Processes and Analyzing Data

Rick Sellens

37 Processes and Analyzing Data

Smoothing Data to Remove Noise

Data from mechanical systems usually changes fairly slowly compared to electrical systems and we can often define a characteristic time or frequency and ignore changes in the data that happen any faster. Some sort of time averaging over multiple samples will smooth out the sample to sample variations, reducing the noise at frequencies near the sampling frequency and providing a better estimate of actual values. Often we must make immediate decisions based on the data we have available to date. The recent COVID-19 pandemic provides a stark example of the need to interpret limited data in as timely a fashion as possible. We have all been watching this data closely and need the skills to assess it critically. Different control choices made in the spring have so far led to significantly different outcomes.

Notice how important it is to use the right approach to smoothing when interpreting the data. Averaging over larger sample sizes also reduces the noise in the data.

An Exponential Smoothing example is provided in the RWS-Notes/Code-Arduino/Learning Sequence SAMD/ S1.3_New_Tab_and_Smoothing sketch (Arduino S1.3)

Post-Processing of Time Series Data

If you wait until after a full time series data set is collected, you can base your estimates for the actual value at a particular time on data from both before and after that time. Knowing something about the future allows better estimates of the present.

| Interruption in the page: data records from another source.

(* Let $X$ be a binary $N\times t$ matrix that is 3-good, let $S\subseteq[t]$ with $|S|=3$, $\mathbf{y}=r(X,S)$, $H=H(X,3,\mathbf{y})=([t],E)$, $L_1=\log_2\log_2 t$, $L_2=3L_1$. Let $G'=([t],E')$ be the graph in which distinct vertices $v_1,v_2$ are adjacent iff at least $L_2$ hyperedges of $E$ contain both, and let $E_1\subseteq E$ be the set of hyperedges containing some edge of $G'$ as a subset. For each $e\in E_1$ choose (arbitrarily) an additional vertex $v\in e$ such that $e\setminus\{v\}\in E'$. Let $G''=([t],E'')$ be the directed graph (without multiple arcs) containing, for every $e=\{v_1,v_2,v_3\}\in E_1$ with chosen additional vertex $v_1$, the arcs $(v_1,v_2),(v_1,v_3),(v_2,v_3),(v_3,v_2)$, and no other arcs. Then every vertex of $G''$ has out-degree less than $3L_1^2$.
   Context: For a binary $N\times t$ matrix $X$ with columns $x(1),\dots,x(t)$ and $S\subseteq[t]$, $r(X,S)=\bigvee_{j\in S}x(j)$ (coordinatewise Boolean OR). For $\mathbf{y}\in\{0,1\}^N$, $H(X,3,\mathbf{y})$ is the $3$-uniform hypergraph on $[t]$ whose hyperedges are all $3$-element $S\subseteq[t]$ with $r(X,S)=\mathbf{y}$. A $(3,k)$ configuration of size $L$ is a set of $L$ hyperedges $e_1,\dots,e_L$ with a set $U$, $|U|=k$, such that $e_i\cap e_j=U$ for all $i\ne j$. Fix $p\in(0,1)$; $\Pr_1(s,w)$ is the probability that the OR of $s$ independent uniformly random length-$N$ binary columns of weight $\lfloor pN\rfloor$ equals a fixed vector of weight $w$; $\Pr_2(s,w_1,w)$ is the probability that the OR of $s$ such columns together with a fixed column $\mathbf{y}_1$ of weight $w_1$ equals a fixed vector $\mathbf{y}$ of weight $w$ with $\mathbf{y}\vee\mathbf{y}_1=\mathbf{y}$. With $L_1=\log_2\log_2 t$, $X$ is 3-good if: (1) for every $\mathbf{y}$, $H(X,3,\mathbf{y})$ has no $(3,1)$ configuration of size $L_1$; (2) for every $\mathbf{y}$ with $|\mathbf{y}|=w$, $H(X,3,\mathbf{y})$ has no $(3,0)$ configuration of size $10\max(t^3\Pr_1(3,w),N)$; (3) for all $\mathbf{y},\mathbf{y}_1$ with $\mathbf{y}\vee\mathbf{y}_1=\mathbf{y}$, $|\mathbf{y}_1|=w_1$, $|\mathbf{y}|=w$, the number of $j$ with $\mathbf{y}_1\vee x(j)=\mathbf{y}$ is less than $10B(N,t)$, where $B(N,t)=t\Pr_2(1,w_1,w)$ if this exceeds $N$, $B(N,t)=N$ if $t^{-1/\sqrt{L_1}}\le t\Pr_2(1,w_1,w)\le N$, and $B(N,t)=L_1/10$ if $t\Pr_2(1,w_1,w)<t^{-1/\sqrt{L_1}}$; (4) for every $\mathbf{y}$ with $|\mathbf{y}|=w$ and integer $w_1\le w$, the number of pairwise disjoint pairs $\{j_1,j_2\}\subseteq[t]$ with $x(j_1)\vee x(j_2)\vee\mathbf{y}=\mathbf{y}$ and $|x(j_1)\vee x(j_2)|=w_1$ is less than $10\max(N,\binom{w}{w_1}t^2\Pr_1(2,w_1))$. *)

From mathcomp Require Import all_boot all_order all_algebra.
From mathcomp Require Import boolp reals exp.
Set Implicit Arguments. Unset Strict Implicit. Unset Printing Implicit Defensive.
Import Order.TTheory GRing.Theory Num.Theory.
Local Open Scope ring_scope.

Section Defs.
Variables (R : realType) (N t : nat).
Implicit Types (X : 'M[bool]_(N, t)) (y : {ffun 'I_N -> bool}).

Definition wt y : nat := #|[set i | y i]|.

Definition vor (a b : {ffun 'I_N -> bool}) : {ffun 'I_N -> bool} :=
  [ffun i => a i || b i].

Definition xcol X (j : 'I_t) : {ffun 'I_N -> bool} := [ffun i => X i j].

Definition rX X (S : {set 'I_t}) : {ffun 'I_N -> bool} :=
  [ffun i => [exists j in S, X i j]].

Definition H3 X y : {set {set 'I_t}} :=
  [set S : {set 'I_t} | (#|S| == 3)%N && (rX X S == y)].

Definition config (E : {set {set 'I_t}}) (k : nat) (F : {set {set 'I_t}}) :=
  F \subset E /\
  exists U : {set 'I_t}, #|U| = k /\
    forall e1 e2, e1 \in F -> e2 \in F -> e1 != e2 -> e1 :&: e2 = U.

Definition log2 (x : R) : R := ln x / ln 2.
Definition L1 : R := log2 (log2 t%:R).

Definition kw (p : R) : nat := Num.truncn (p * N%:R).

(* canonical fixed vector of weight w (for w <= N) *)
Definition yw (w : nat) : {ffun 'I_N -> bool} := [ffun i : 'I_N => (i < w)%N].

Definition orfam s (f : {ffun 'I_s -> {ffun 'I_N -> bool}}) : {ffun 'I_N -> bool} :=
  [ffun i => [exists j, f j i]].

(* Pr_1(s,w): probability that the OR of s independent uniformly random
   columns of weight floor(pN) equals a fixed vector of weight w. *)
Definition Pr1 (p : R) (s w : nat) : R :=
  #|[set f : {ffun 'I_s -> {ffun 'I_N -> bool}} |
      [forall j, wt (f j) == kw p] && (orfam f == yw w)]|%:R
  / ('C(N, kw p) ^ s)%:R.

(* Pr_2(s,w1,w): probability that the OR of s such random columns together
   with a fixed column y1 of weight w1 equals a fixed y of weight w,
   y1 <= y (taken y1 = yw w1, y = yw w). *)
Definition Pr2 (p : R) (s w1 w : nat) : R :=
  #|[set f : {ffun 'I_s -> {ffun 'I_N -> bool}} |
      [forall j, wt (f j) == kw p] && (vor (orfam f) (yw w1) == yw w)]|%:R
  / ('C(N, kw p) ^ s)%:R.

Definition Bnt (p : R) (w1 w : nat) : R :=
  let q := t%:R * Pr2 p 1 w1 w in
  if N%:R < q then q
  else if powR t%:R (- (Num.sqrt L1)^-1) <= q then N%:R
  else L1 / 10.

Definition good3 (p : R) X : Prop :=
  (forall y F, config (H3 X y) 1 F -> #|F|%:R < L1) /\
  (forall y F, config (H3 X y) 0 F ->
     #|F|%:R < 10 * Num.max (t%:R ^+ 3 * Pr1 p 3 (wt y)) N%:R) /\
  (forall y y1, vor y y1 = y ->
     #|[set j : 'I_t | vor y1 (xcol X j) == y]|%:R < 10 * Bnt p (wt y1) (wt y)) /\
  (forall y (w1 : nat) (P : {set {set 'I_t}}), (w1 <= wt y)%N ->
     (forall q, q \in P -> exists j1 j2 : 'I_t, j1 != j2 /\ q = [set j1; j2] /\
        vor (vor (xcol X j1) (xcol X j2)) y = y /\
        wt (vor (xcol X j1) (xcol X j2)) = w1) ->
     (forall q1 q2, q1 \in P -> q2 \in P -> q1 != q2 -> [disjoint q1 & q2]) ->
     #|P|%:R < 10 * Num.max N%:R ('C(wt y, w1)%:R * t%:R ^+ 2 * Pr1 p 2 w1)).

Definition codeg (E : {set {set 'I_t}}) (v1 v2 : 'I_t) : nat :=
  #|[set e in E | (v1 \in e) && (v2 \in e)]|.

Definition Gp_edge (E : {set {set 'I_t}}) (f : {set 'I_t}) : Prop :=
  exists v1 v2, v1 != v2 /\ f = [set v1; v2] /\ 3 * L1 <= (codeg E v1 v2)%:R.

Definition inE1 (E : {set {set 'I_t}}) (e : {set 'I_t}) : Prop :=
  e \in E /\ exists f : {set 'I_t}, f \subset e /\ Gp_edge E f.

Definition arc (E : {set {set 'I_t}}) (c : {set 'I_t} -> 'I_t) (v u : 'I_t) : Prop :=
  exists e, inE1 E e /\
    ((v = c e /\ u \in e /\ u != c e) \/
     (v \in e /\ u \in e /\ v != c e /\ u != c e /\ v != u)).

Definition outdeg (E : {set {set 'I_t}}) (c : {set 'I_t} -> 'I_t) (v : 'I_t) : nat :=
  #|[set u | `[< arc E c v u >] ]|.

End Defs.

From Pilot Require Import Defs.
From mathcomp Require Import all_boot all_order all_algebra.
From mathcomp Require Import boolp reals exp.
From mathcomp Require Import lra.
Import Order.TTheory GRing.Theory Num.Theory.
Local Open Scope ring_scope.
Set Implicit Arguments. Unset Strict Implicit.

(* Condition (1) bounds every sunflower with a one-point kernel by L1.  Hence a
   vertex v has fewer than L1 neighbours in G': otherwise a maximal sunflower
   at v among the hyperedges meeting a set of neighbours of v exactly once
   could be extended, since v and a neighbour it misses lie in at least 3 L1
   common hyperedges, more than can hit the petals.  Every out-neighbour of v
   in G'' is a G'-neighbour of v or of one of the fewer than 2 L1 petal
   vertices of a maximal sunflower at v among the hyperedges whose two other
   vertices are G'-adjacent; this gives fewer than L1 + 2 L1 * L1 <= 3 L1^2
   out-neighbours (and none at all when L1 <= 1). *)

Lemma card_bigcup_le (I T : finType) (A : {set I}) (f : I -> {set T}) :
  (#|\bigcup_(i in A) f i| <= \sum_(i in A) #|f i|)%N.
Proof.
elim/big_rec2: _ => [|i n U _ IH]; first by rewrite cards0.
by rewrite (leq_trans (leq_card_setU _ _)) // leq_add2l.
Qed.

Section Sunflower.
Variables (T : finType) (E : {set {set T}}).
Implicit Types (e f U : {set T}) (F : {set {set T}}).
Hypothesis E3 : {in E, forall e, #|e| = 3%N}.

Definition sunflower U F : bool :=
  [forall e1 in F, forall e2 in F, (e1 != e2) ==> (e1 :&: e2 == U)].

Definition petals (v : T) F : {set T} :=
  \bigcup_(f in F) (f :\ v).

Lemma sunflowerP U F :
  reflect (forall e1 e2, e1 \in F -> e2 \in F -> e1 != e2 -> e1 :&: e2 = U)
          (sunflower U F).
Proof.
apply: (iffP forall_inP) => [sF e1 e2 e1F e2F ne|sF e1 e1F].
  by have /forall_inP/(_ e2 e2F)/implyP/(_ ne)/eqP := sF e1 e1F.
by apply/forall_inP => e2 e2F; apply/implyP => ne; rewrite sF.
Qed.

Lemma sunflowerU1 U F e :
  sunflower U F -> {in F, forall f, e :&: f = U} -> sunflower U (e |: F).
Proof.
move=> /sunflowerP sF eF; apply/sunflowerP => e1 e2.
case/setU1P=> [->|e1F] /setU1P[->|e2F] ne; first by rewrite eqxx in ne.
- exact: eF.
- by rewrite setIC eF.
- exact: sF.
Qed.

Lemma card_edgeD1 e v : e \in E -> v \in e -> #|e :\ v| = 2%N.
Proof.
by move=> eE ve; have /eqP := E3 eE; rewrite (cardsD1 v) ve add1n eqSS => /eqP.
Qed.

Lemma card_petals v F :
  F \subset E -> {in F, forall f, v \in f} -> (#|petals v F| <= 2 * #|F|)%N.
Proof.
move=> FE vF; apply: leq_trans (card_bigcup_le _ _) _.
rewrite (eq_bigr (fun _ => 2%N)) ?sum_nat_const 1?mulnC // => f fF.
exact: card_edgeD1 (subsetP FE f fF) (vF f fF).
Qed.

Lemma maximal_sunflower v (Q : pred {set T}) :
  exists F, [/\ F \subset E, {in F, forall f, (v \in f) && Q f},
    sunflower [set v] F &
    {in E, forall e, v \in e -> Q e -> ~~ [disjoint e :\ v & petals v F]}].
Proof.
pose P F :=
  [&& F \subset E, [forall f in F, (v \in f) && Q f] & sunflower [set v] F].
have P0 : P set0.
  rewrite /P sub0set /=; apply/andP; split.
    by apply/forall_inP => e; rewrite inE.
  by apply/sunflowerP => e1 e2; rewrite inE.
have [F /and3P[FE /forall_inP FQ sunF] Fmax] := arg_maxnP (fun F => #|F|) P0.
exists F; split=> // e eE ve Qe; apply/negP => dis.
have petal_out z : z \in e :\ v -> z \in petals v F -> False.
  by move=> ze zP; rewrite (disjointFr dis ze) in zP.
have eNF : e \notin F.
  apply/negP => eF.
  have /card_gt0P[z ze] : (0 < #|e :\ v|)%N by rewrite card_edgeD1.
  by apply: (petal_out z ze); apply/bigcupP; exists e.
have meet f : f \in F -> e :&: f = [set v].
  move=> fF; have /andP[vf _] := FQ f fF.
  apply/setP => z; rewrite !inE.
  have [->|zv] := eqVneq z v; first by rewrite ve vf.
  apply/negP => /andP[ze zf]; apply: (petal_out z); first by rewrite !inE zv ze.
  by apply/bigcupP; exists f; rewrite // !inE zv zf.
have : P (e |: F).
  rewrite /P subUset sub1set eE FE sunflowerU1 //=; apply/andP; split=> //.
  by apply/forall_inP => f /setU1P[->|/FQ //]; rewrite ve Qe.
by move/Fmax; rewrite cardsU1 eNF add1n /= ltnn.
Qed.

Lemma exists_edge_avoiding a b (B : {set T}) :
  a != b -> a \notin B -> b \notin B ->
  (#|B| < #|[set e in E | (a \in e) && (b \in e)]|)%N ->
  exists2 e, e \in E & [&& a \in e, b \in e & [disjoint e & B]].
Proof.
move=> ab aB bB ltB.
have meeting : [set e in E | [&& a \in e, b \in e & ~~ [disjoint e & B]]]
               \subset [set [set a; b; w] | w in B].
  apply/subsetP => e; rewrite inE => /and4P[eE ae be].
  rewrite -setI_eq0 => /set0Pn[w /setIP[we wB]].
  apply/imsetP; exists w => //; apply/eqP; rewrite eq_sym eqEcard (E3 eE).
  rewrite !subUset !sub1set ae be we setUC cardsU1 cards2 ab !inE negb_or.
  by rewrite (memPn aB w wB) (memPn bB w wB).
have /subsetPn[e] : ~~ ([set e in E | (a \in e) && (b \in e)] \subset
    [set e in E | [&& a \in e, b \in e & ~~ [disjoint e & B]]]).
  apply/negP => /subset_leq_card/leq_trans/(_ (subset_leq_card meeting)).
  by move/leq_trans/(_ (leq_imset_card _ _)); rewrite leqNgt ltB.
rewrite !inE => /and3P[eE ae be]; rewrite eE ae be /= negbK => dis.
by exists e; rewrite // ae be.
Qed.

End Sunflower.

Lemma natrM_2S_lt_3sqr (R : realFieldType) (d m : nat) (L : R) :
  d%:R < L -> m%:R < L -> (d * (2 * m).+1)%:R < 3 * L ^+ 2.
Proof.
move=> dL mL; have m0 : 0 <= m%:R :> R := ler0n _ _.
have L0 : 0 < L := le_lt_trans m0 mL.
rewrite natrM -addn1 natrD natrM expr2.
case: d dL => [|d] dL; first by rewrite mul0r mulr_gt0 // mulr_gt0.
have d1 : 1 <= d.+1%:R :> R by rewrite ler1n.
nra.
Qed.

Lemma codegC (t : nat) (E : {set {set 'I_t}}) a b : codeg E a b = codeg E b a.
Proof. by apply: eq_card => e; rewrite !inE (andbC (a \in e)). Qed.

Section Codegree.
Variables (R : realType) (t : nat) (E : {set {set 'I_t}}) (L : R).
Implicit Types (e f D : {set 'I_t}) (F : {set {set 'I_t}}).
Hypothesis E3 : {in E, forall e, #|e| = 3%N}.
Hypothesis sunflower_lt : forall F, config E 1 F -> #|F|%:R < L.

Lemma card_sunflower_lt v F :
  F \subset E -> sunflower [set v] F -> #|F|%:R < L.
Proof.
move=> FE /sunflowerP sF; apply: sunflower_lt; split=> //.
by exists [set v]; split; [exact: cards1 | exact: sF].
Qed.

Lemma sunflower_bound_gt0 (v : 'I_t) : 0 < L.
Proof.
have := @card_sunflower_lt v _ (sub0set E); rewrite cards0; apply.
by apply/sunflowerP => e1 e2; rewrite inE.
Qed.

Definition nbhd v := [set u | (v != u) && (3 * L <= (codeg E v u)%:R)].

Lemma nbhdC u v : (u \in nbhd v) = (v \in nbhd u).
Proof. by rewrite !inE eq_sym codegC. Qed.
Section RankOne.
Variables (R : realType) (n : nat).
Local Notation C := R[i].
Local Notation vec := 'cV[C]_n.
Import Normc.
Implicit Types u v w f : vec.
Local Open Scope classical_set_scope.

Lemma adjv_mulmx v w : adjv v *m w = (inner w v)%:M.
Proof.
apply/matrixP => i j; rewrite (ord1 i) (ord1 j) !mxE.
by apply: eq_bigr => k _; rewrite !mxE mulrC.
Qed.

Lemma rank1_mulmx u v w : u *m adjv v *m w = inner w v *: u.
Proof. by rewrite -mulmxA adjv_mulmx mul_mx_scalar. Qed.

Lemma sup_sub_pair0 (S : set R) (x : R) : 0 <= x ->
  S `<=` [set 0; x] -> (x != 0 -> S x) -> sup S = x.
Proof.
move=> x0 S0x Sx; have ubS : ubound S x by move=> y /S0x [] ->.
have sup_mem z : S z -> ubound S z -> sup S = z.
  move=> Sz ubz; apply/eqP; rewrite eq_le ge_sup //; last by exists z.
  by rewrite ub_le_sup //; exists z.
have [x_eq0|/Sx xS] := eqVneq x 0; last exact: sup_mem.
subst x; have [[y Sy]|nS] := boolp.pselect (exists y, S y).
  by apply: sup_mem => //; have [] := S0x y Sy => <-.
rewrite (_ : S = set0) ?sup0 //.
by apply/seteqP; split => y // Sy; apply: nS; exists y.
Qed.

Lemma eigenvalue_rank1 u v l :
  eigenvalue_of (u *m adjv v) l -> l = 0 \/ l = inner u v.
Proof.
case=> w wn0; rewrite rank1_mulmx => uvw.
have [->|ln0] := eqVneq l 0; [by left | right].
have vwn0 : inner w v != 0.
  apply: contraNneq ln0 => vw0; move: uvw; rewrite vw0 scale0r => /esym/eqP.
  by rewrite scaler_eq0 (negPf wn0) orbF.
by apply: (mulfI vwn0); rewrite -innerZl uvw innerZl mulrC.
Qed.

Lemma spec_rad_rank1 u v : spec_rad (u *m adjv v) = normc (inner u v).
Proof.
apply: sup_sub_pair0; first exact: normc_ge0.
  by move=> _ [l /eigenvalue_rank1 [] -> <-]; [left; rewrite normc0 | right].
move=> uv_n0; exists (inner u v) => //; exists u; last by rewrite rank1_mulmx.
by apply: contraNneq uv_n0 => ->; rewrite inner0l normc0.
Qed.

Processing offline reduces the pressure to complete calculations quickly, allowing for more sophisticated techniques. However, it doesn’t allow you to take any action in the present.

Any technique that can be applied in real time can also be applied in post-processing. This can be really useful for testing different estimating approaches to processing the same data.

Real Time Processing of Time Series Data

Improving your estimates from time series data during acquisition is essential for acting immediately on those estimates to control the system being measured, however it comes with two key limitations:

The current estimate for a measured quantity can only depend on the current measurement and other measurements made in the past.
The current estimate must be calculated quickly enough to be useful in real time, usually before the next measurement is made.

Exponential Smoothing (Python 4.2) is easier to implement on a microcontroller (Arduino S1.3) than Moving Averages (Python 4.1). Smoothing provide some influence of the long time history of your data to make an estimate in the present, without needing to store all the past values in an array.

Taking Derivatives of Measured Data

Numerical differentiation is simple in concept, but those small differences in $\Delta x / \Delta t$ will amplify any noise that was there in either the time base, or in the measured values. This video (7:26) provides the basics of differentiating position to get velocity and acceleration estimates.

These two videos will help understand the sources of the differentiation noise we see in the lab and test out strategies for reducing it. By simulating the measurement, smoothing, and differentiation processes in software (Python 4.5), we can better understand the problems they generate. (video 22:02 & 11:46)

This simple differencing approach requires data for only two points in time, reducing the computational and storage overhead for limited capacity microcontrollers. More complex techniques for estimating derivatives will be covered in detail in your numerical analysis courses, and will require more history data to be stored. A pencil and paper uncertainty analysis supports the numerical results we go above (video 9:54).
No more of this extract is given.